We combined the interpretation of high-resolution satellite imagery and geomorphic investigations along the fault to determine the fault geometry and kinematics of the second earthquake event. The Elbistan earthquake formed a main surface rupture zone approximately 140km long, which strikes in an east-west direction along the Cardak Fault. The main rupture zone starts from Göksun in the west and extends predominantly eastward until the western end of the Sürgü Fault. It then propagates northeast along the southern segment of the Malatya fault zone. The entire Cardak Fault and the Malatya fault zone's southern segment are considered seismic structures for this earthquake. The overall surface rupture zone exhibits a linear and continuous distribution. Secondary ruptures show a combination of left-lateral strike-slip or left-lateral oblique-thrust deformation. Along the rupture zone, a series of en echelon fractures, moletracks, horizontal fault striations, and numerous displaced piercing markers, such as mountain ridges, wheat fields, terraces, fences, roads, and wheel ruts, indicate the predominance of pure left-lateral strike-slip motion for most sections. The maximum measured horizontal displacement is(7.6±0.3)m. According to the empirical relationship between the seismic moment magnitude of strike-slip faulting earthquakes and the length of surface rupture(SRL), a main rupture zone of 140km in length corresponds to a moment magnitude of approximately 7.6. Based on the relationship between the seismic moment magnitude and the maximum coseismic displacement, a maximum coseismic displacement of(7.6±0.3)m corresponds to a moment magnitude of about 7.5. The magnitudes derived from the two empirical relationships are essentially consistent, and they also agree with the moment magnitude provided by the USGS. Besides the main surface rupture zone, a secondary fault rupture zone extends nearly north-south direction for approximately 20km long. Unfortunately, due to the limited time and traffic problem, we did not visit this north-south-trending secondary fault rupture zone.
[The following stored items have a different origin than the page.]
(* With w = e^(i pi / m) and |A| the number of indices of A equal to 2, the
   (A, B) entry of [(c, w^k), (1, w^k), ..., (1, w^k)]_h is
   h_A conj(h_B) w^(k (|A| - |B|)) with h_1 = c, h_2 = 1.  Weighting by
   (-1)^k = w^(k m) and summing over k < 2m leaves 2m h_A conj(h_B) exactly when
   |A| - |B| + m = 0 mod 2m, i.e. when (A, B) is (I, J) or (J, I); pairing k with
   2m - k gives the stated decomposition.
   For the lower bound, contract the first index pair of a decomposition of
   E^{IJ}(c) in order m + 1 with a Hermitian 2 x 2 matrix [[p, w], [conj w, p]]:
   rank-one terms become real multiples of rank-one terms of order m, and
   E^{IJ}(c) becomes E^{IJ}(w c).  Since p and w != 0 can be chosen to annihilate
   two given terms, the number of nonzero coefficients drops by at least two, and
   induction on m starts from the fact that a single term H satisfies
   H_II H_JJ = |H_IJ|^2, which fails for E^{IJ}(c). *)

Set Implicit Arguments.
Unset Strict Implicit.
Unset Printing Implicit Defensive.

Ltac complex_ring := apply/eqP; rewrite eq_complex /=; apply/andP; split; apply/eqP; ring.

Section Conjugation.
Context {R : rcfType}.

Lemma conjcM (x y : R[i]) : conjc (x * y) = conjc x * conjc y.
Proof. exact: rmorphM. Qed.

Lemma conjcX (x : R[i]) n : conjc (x ^+ n) = conjc x ^+ n.
Proof. exact: rmorphXn. Qed.

End Conjugation.

Section ComplexExponential.
Context {R : realType}.
Implicit Types a b : R.

Lemma expiD a b : expi (a + b) = expi a * expi b.
Proof. by rewrite /expi cosD sinD; complex_ring. Qed.

Lemma expiN a : expi (- a) = conjc (expi a).
Proof. by rewrite /expi cosN sinN. Qed.

Lemma expi0 : expi (0 : R) = 1.
Proof. by rewrite /expi cos0 sin0. Qed.

Lemma expiMn n a : expi (n%:R * a) = expi a ^+ n.
Proof.
elim: n => [|n IHn]; first by rewrite mul0r expi0.
by rewrite exprS -IHn -expiD mulrS mulrDl mul1r.
Qed.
According to the summary of the history of earthquakes, it is evident that the main surface rupture zone has only recorded one earthquake in history, the 1544 M_S6.8 earthquake, which indicates significantly less seismic activity compared to the main East Anatolian Fault. Moreover, the “earthquake doublet” will inevitably significantly impact the stress state and seismic hazard of other faults in the region. Seismic activity in this area remain at a relatively high level for years or even decades to come. The east-west striking fault, which has not been identified on the published active fault maps at the western end of the surface rupture zone, and the north-east striking Savrun Fault, which did not rupture this time, will experience destructive earthquakes in the future. It remains unknown why the east-west striking rupture did not propagate to the Sürgü Fault this time. More detailed paleoearthquake studies are needed to identify whether it is due to insufficient energy accumulation or because this section acts as a barrier. If the Sürgü Fault, about 40km long, was to rupture entirely in the future, the magnitude could reach 7 based on the empirical relationship.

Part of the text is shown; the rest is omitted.